TMA hardware swizzle with CU_TENSOR_MAP_SWIZZLE_128B has the right pattern but caps FP16/BF16 at 64-elements; does not fit the 128-element tile for FP8 block-scaling without doubling per-tile launch overhead (quadrupling for FP32).
CW-only stays at 2 t/col. Going to 4 t/col would double the bank-conflict footprint (4 lanes per column at the same row stride instead of 2), and CW-only is not occupancy-bound (3 CTAs/SM regardless), so the restructure costs more than it saves.
1D BOTH uses 4 t/col with a 32-row reg_data per thread and two column passes per CTA. The RW pass's per-expert scale-offset arithmetic plus a 64-row reg_data crossed the 85-reg / 3-CTA threshold on sm_90; halving reg_data restores 4 CTAs/SM. The doubled column pass and extra XOR-reduce stage are cheap relative to the occupancy gain.

1D BOTH reads the shared memory input-cache twice

The RW (8 threads/row) and CW (2 threads/column) passes have different threading.
Attempted to unify with 8 threads/row for both RW and CW. Caused bank conflicts on ~76% of store wavefronts (writing to the shared memory transpose buffer), reduced to ~43% with a XOR swizzle but not enough to beat separate RW/CW passes.
Did not pursue the 2 threads/column unification; costs 40x more shfl ops than 8 threads/row attempt, plus a shared memory partial buffer and sync.

2D CW/BOTH has bank conflicts on ~16% of store wavefronts (when writing to the shared memory transpose buffer)

Already reduced from ~75% via a XOR swizzle, further reduction was not possible.
Minimal impact (< 5%) on kernel time.

No TMA-store

MXFP8 grouped quantize kernel leverages this by decomposing a 128x128 tile into 32-row sub-stages that each have their own independent 32x1 or 1x32 scale; shared memory footprint is based on a single sub-stage; can be quantized and TMA-stored independently; hides TMA-store of one stage under the compute of next stage.
FP8 block-scaling 128-element scale-block spans the entire 128-row tile. Cannot decompose into independent sub-stages and pipeline the TMA-stores. Single non-pipelined TMA-store requires holding the transposed staging buffer for the entire tile until all work on tile is finished, blows up shared memory footprint, collapses occupancy to 2CTA/SM. The recipe itself is the roadblock.

Type of change

Documentation change (change only to the documentation, either a fix or a new content)
Bug fix (non-breaking change which fixes an issue)
New feature (non-breaking change which adds functionality)
Breaking change (fix or feature that would cause existing functionality to not work as expected)
Infra/Build change
Code refactoring

Checklist:

I have read and followed the contributing guidelines
The functionality is complete
I have commented my code, particularly in hard-to-understand areas
I have made corresponding changes to the documentation
My changes generate no new warnings
I have added tests that prove my fix is effective or that my feature works
New and existing unit tests pass locally with my changes

Oleg-Goncharov · 2026-06-17T13:24:15Z

+constexpr int kThreadsPerBlock = 256;
+constexpr int kNumWarps = kThreadsPerBlock / kThreadsPerWarp;
+
+// Align a dynamic-smem pointer to 128 bytes (TMA requirement).
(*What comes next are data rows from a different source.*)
(* The family $\mathcal{P}$ of pdCGs on the vertex set $V$, equipped with the twin order $\preceq_t$, is a complete distributive lattice. For $\mathcal{G},\mathcal{H}\in\mathcal{P}$ with quadruplet representations $\mathcal{G}=(V,E_{\mathcal{G}},\mathbb{L}_{\mathcal{G}},\mathbb{E}_{\mathcal{G}})$, $\mathcal{H}=(V,E_{\mathcal{H}},\mathbb{L}_{\mathcal{H}},\mathbb{E}_{\mathcal{H}})$: (i) the meet is $\mathcal{G}\wedge_t\mathcal{H}=(V,\,E_{\mathcal{G}}\cap E_{\mathcal{H}},\,\mathbb{L}_{\mathcal{G}}\cap\mathbb{L}_{\mathcal{H}},\,\mathbb{E}_{\mathcal{G}}\cap\mathbb{E}_{\mathcal{H}})$; (ii) the join is $\mathcal{G}\vee_t\mathcal{H}=(V,\,E_{\mathcal{G}}\cup E_{\mathcal{H}},\,\mathbb{L}_{\mathcal{G}}\cup\mathbb{L}_{\mathcal{H}},\,\mathbb{E}_{\mathcal{G}}\cup\mathbb{E}_{\mathcal{H}})$. Furthermore, the maximum element is $\hat 1=(V,F_V,L,F_L)$ (the complete graph with all colour classes atomic) and the minimum element is $\hat 0=(V,\emptyset,\emptyset,\emptyset)$ (the graph with no edges in which all vertices belong to twin-pairing classes).
   Context: Let $V=\{1,\dots,p\}$ and let $\tau:V\to V$ be a twin-pairing function: $\tau(i)=j$ implies $\tau(j)=i$, and there is a partition $V=L\cup R$, $L\cap R=\emptyset$, with $\tau(L)=R$; vertices are numbered so that $L=\{1,\dots,q\}$, $R=\{q+1,\dots,p\}$. Let $F_V=\{(i,j)\mid i,j\in V,\ i<j\}$; extend $\tau$ to edges by $\tau(i,j)=(\tau(i),\tau(j))$ (endpoints reordered to lie in $F_V$) and to sets elementwise. Let $F_L=\{(i,j)\in F_V\mid i<\tau(j)\}$, $F_R=\{(i,j)\in F_V\mid i>\tau(j)\}$. A coloured graph is a pair $(\mathcal{V},\mathcal{E})$ with $\mathcal{V}$ a partition of $V$ and $\mathcal{E}$ a partition of an edge set $E\subseteq F_V$. A colour class is atomic if it has one element and twin-pairing if it is $\{i,\tau(i)\}$ or $\{(i,j),\tau(i,j)\}$ with $(i,j)\neq\tau(i,j)$. A pdCG is a coloured graph all of whose classes are atomic or twin-pairing; $\mathcal{P}$ is the set of pdCGs on $V$. Each pdCG $\mathcal{G}=(\mathcal{V},\mathcal{E})$ is identified with its quadruplet $(V,E_{\mathcal{G}},\mathbb{L}_{\mathcal{G}},\mathbb{E}_{\mathcal{G}})$, where $E_{\mathcal{G}}$ is its edge set, $\mathbb{L}_{\mathcal{G}}=\{i\in L\mid\{i\}\in\mathcal{V}\}$, and $\mathbb{E}_{\mathcal{G}}=\{(i,j)\in E_L\cap\tau(E_R)\mid\{(i,j)\}\in\mathcal{E}\}$ with $E_L=E_{\mathcal{G}}\cap F_L$, $E_R=E_{\mathcal{G}}\cap F_R$; this identification is a bijection between $\mathcal{P}$ and the quadruplets $(V,E,\mathbb{L},\mathbb{E})$ with $E\subseteq F_V$, $\mathbb{L}\subseteq L$, $\mathbb{E}\subseteq (E\cap F_L)\cap\tau(E\cap F_R)$. The twin order: $\mathcal{H}\preceq_t\mathcal{G}$ iff $E_{\mathcal{H}}\subseteq E_{\mathcal{G}}$, $\mathbb{L}_{\mathcal{H}}\subseteq\mathbb{L}_{\mathcal{G}}$ and $\mathbb{E}_{\mathcal{H}}\subseteq\mathbb{E}_{\mathcal{G}}$. *)

(* Vertices V = {1..p} are modelled by 'I_p = {0..p-1}
   (shift by one), L = {0..q-1}, R = {q..p-1}. *)
From mathcomp Require Import all_boot.
Set Implicit Arguments. Unset Strict Implicit. Unset Printing Implicit Defensive.

Section PDCG.
Variables (p q : nat) (tau : 'I_p -> 'I_p).

Definition Lset : {set 'I_p} := [set i : 'I_p | (nat_of_ord i < q)%N].
Definition Rset : {set 'I_p} := [set i : 'I_p | (q <= nat_of_ord i)%N].

Definition FV : {set 'I_p * 'I_p} := [set e : 'I_p * 'I_p | (nat_of_ord e.1 < nat_of_ord e.2)%N].

Definition tauE (e : 'I_p * 'I_p) : 'I_p * 'I_p :=
  if (nat_of_ord (tau e.1) < nat_of_ord (tau e.2))%N then (tau e.1, tau e.2) else (tau e.2, tau e.1).

Definition FL : {set 'I_p * 'I_p} := [set e in FV | (nat_of_ord e.1 < nat_of_ord (tau e.2))%N].
Definition FR : {set 'I_p * 'I_p} := [set e in FV | (nat_of_ord (tau e.2) < nat_of_ord e.1)%N].

(* a (candidate) coloured graph: a vertex partition and an edge partition *)
Definition cgraph := ({set {set 'I_p}} * {set {set ('I_p * 'I_p)}})%type.

Definition is_cgraph (G : cgraph) : bool :=
  [&& partition G.1 [set: 'I_p], partition G.2 (cover G.2) & cover G.2 \subset FV].

Definition atomic (T : finType) (C : {set T}) : bool := #|C| == 1.
Definition vtwin (C : {set 'I_p}) : bool := [exists i, C == [set i; tau i]].
Definition etwin (C : {set 'I_p * 'I_p}) : bool :=
  [exists e, (C == [set e; tauE e]) && (e != tauE e)].

Definition is_pdCG (G : cgraph) : bool :=
  [&& is_cgraph G,
      [forall C in G.1, atomic C || vtwin C] &
      [forall C in G.2, atomic C || etwin C]].

Definition pdCGs : {set cgraph} := [set G | is_pdCG G].

Definition E_of (G : cgraph) : {set 'I_p * 'I_p} := cover G.2.
Definition LL_of (G : cgraph) : {set 'I_p} := [set i in Lset | [set i] \in G.1].
Definition EE_of (G : cgraph) : {set 'I_p * 'I_p} :=
  [set e in (E_of G :&: FL) :&: (tauE @: (E_of G :&: FR)) | [set e] \in G.2].

Definition twin_le (G H : cgraph) : bool :=
  [&& E_of G \subset E_of H, LL_of G \subset LL_of H & EE_of G \subset EE_of H].

End PDCG.

Section OrderNotions.
Variables (T : finType) (P : {set T}) (le : rel T).

Definition is_partial_order_on : Prop :=
  [/\ forall x, x \in P -> le x x,
      forall x y, x \in P -> y \in P -> le x y -> le y x -> x = y &
      forall x y z, x \in P -> y \in P -> z \in P -> le x y -> le y z -> le x z].

Definition is_lub (S : {set T}) (x : T) : Prop :=
  [/\ x \in P, forall y, y \in S -> le y x &
      forall z, z \in P -> (forall y, y \in S -> le y z) -> le x z].

Definition is_glb (S : {set T}) (x : T) : Prop :=
  [/\ x \in P, forall y, y \in S -> le x y &
      forall z, z \in P -> (forall y, y \in S -> le z y) -> le z x].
Could we reuse the existing align_smem_ptr_per_TMA_requirements() helper from transformer_engine/cast/core/common.h here?
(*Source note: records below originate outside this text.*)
(* Let $m>2$ be an odd integer, $n\ge 1$ an integer, and let $M_{2mn}=\langle a,b : a^m=b^{2n}=1,\ bab^{-1}=a^{-1}\rangle$ be the metacyclic group of order $2mn$. Let $\Gamma_{M_{2mn}}$ be its non-commuting graph. Let $t_1,t_2$ be the two roots of the equation $(m-1)x^2-(2m-5)x-m=0$. Then the spectrum of the distance signless Laplacian matrix $D^Q(\Gamma_{M_{2mn}})$ (eigenvalues counted with multiplicity, multiplicities being added if two of the listed values coincide) consists of: (a) $2mn-4$ with multiplicity $m(n-1)$; (b) $(2m+1)n-4$ with multiplicity $m-1$; (c) $(3m-2)n-4$ with multiplicity $(m-1)n-1$; (d) $nt_k(m-1)+(3mn+n-4)$ with multiplicity $1$, for each $k=1,2$.
   Context: For a finite non-abelian group $G$ with centre $Z(G)$, the non-commuting graph $\Gamma_G$ is the simple undirected graph with vertex set $G\setminus Z(G)$, in which two distinct vertices $u,v$ are adjacent if and only if $uv\ne vu$. For a connected graph $H$, $d_{uv}$ denotes the length of a shortest path between $u$ and $v$; the distance matrix $D(H)$ has $(u,v)$-entry $d_{uv}$. The transmission of a vertex $v$ is $\sum_{u} d_{uv}$, and $Tr(H)$ is the diagonal matrix of vertex transmissions. The distance signless Laplacian matrix is $D^Q(H)=Tr(H)+D(H)$. *)

From HB Require Import structures.
From mathcomp Require Import all_boot all_order all_algebra all_fingroup.
From mathcomp Require Import center.
Set Implicit Arguments. Unset Strict Implicit. Unset Printing Implicit Defensive.
Import GRing.Theory Num.Theory.

Section NCG.
Variables (gT : finGroupType) (G : {group gT}).

Definition ncg_vertex := {x : gT | x \in G :\: 'Z(G)%g}.

Definition ncg_adj (u v : ncg_vertex) : bool :=
  (u != v) && (val u * val v != val v * val u)%g.

Fixpoint ncg_walk (k : nat) (u v : ncg_vertex) : bool :=
  if k is k'.+1 then [exists w, ncg_adj u w && ncg_walk k' w v] else u == v.

(* d_uv = length of a shortest path (= shortest walk) from u to v
   (for a connected graph some such length is < #|V|) *)
Definition ncg_dist (u v : ncg_vertex) : nat :=
  find (fun k => ncg_walk k u v) (iota 0 #|{: ncg_vertex}|).

Definition ncg_trans (v : ncg_vertex) : nat := \sum_(u : ncg_vertex) ncg_dist u v.

Local Open Scope ring_scope.
Definition ncg_DQ (R : nzRingType) : 'M[R]_#|{: ncg_vertex}| :=
  \matrix_(i, j)
    ((i == j)%:R * (ncg_trans (enum_val i))%:R + (ncg_dist (enum_val i) (enum_val j))%:R).

End NCG.

From mathcomp Require Import all_boot all_order all_algebra all_fingroup.
From mathcomp Require Import center cyclic.
From mathcomp Require Import ring lra zify.
Import GRing.Theory Num.Theory.
Local Open Scope ring_scope.

(* Every element of M_2mn is a^i b^j (i < m, j < 2n) in exactly one way, and, m
   being odd, two non-central elements commute iff they lie in the same part of
     {a^i b^j | i <> 0, j even}  (size (m-1)n)  and  {a^i b^j | j odd}, i < m
   (m parts of size n).  So the non-commuting graph is complete multipartite,
   with distance 1 across parts and 2 inside a part.  On vectors supported on
   one part with zero sum, D^Q acts as the scalar |V| + |part| - 4, which gives
   2mn - 4 and (3m-2)n - 4; on part-wise constant vectors it acts through the
   (m+1) x (m+1) quotient matrix, with eigenvalue (2m+1)n - 4 on the vectors
   vanishing on the big part with zero sum, and the two eigenvalues attached to
   t1 and t2 on the rest.  In a basis adapted to this decomposition D^Q becomes
   triangular. *)

Lemma char_poly_trmx (R : comNzRingType) N (A : 'M[R]_N) :
  char_poly A^T = char_poly A.
Proof.
rewrite /char_poly -det_tr; congr (\det _); apply/matrixP => i j.
by rewrite !mxE eq_sym.
Qed.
Oleg-Goncharov · 2026-06-17T13:27:21Z

+                                                             size_t total_row_blocks) {
+  using namespace transformer_engine::dispatch::mxfp8::swizzle;
+  const size_t num_tiles_X =
+      (total_row_blocks + GEMM_SWIZZLED_SCALE_TILE_DIM_X - 1) / GEMM_SWIZZLED_SCALE_TILE_DIM_X;


We can also reuse the existing DIVUP() helper here (defined in transformer_engin/common/common.h).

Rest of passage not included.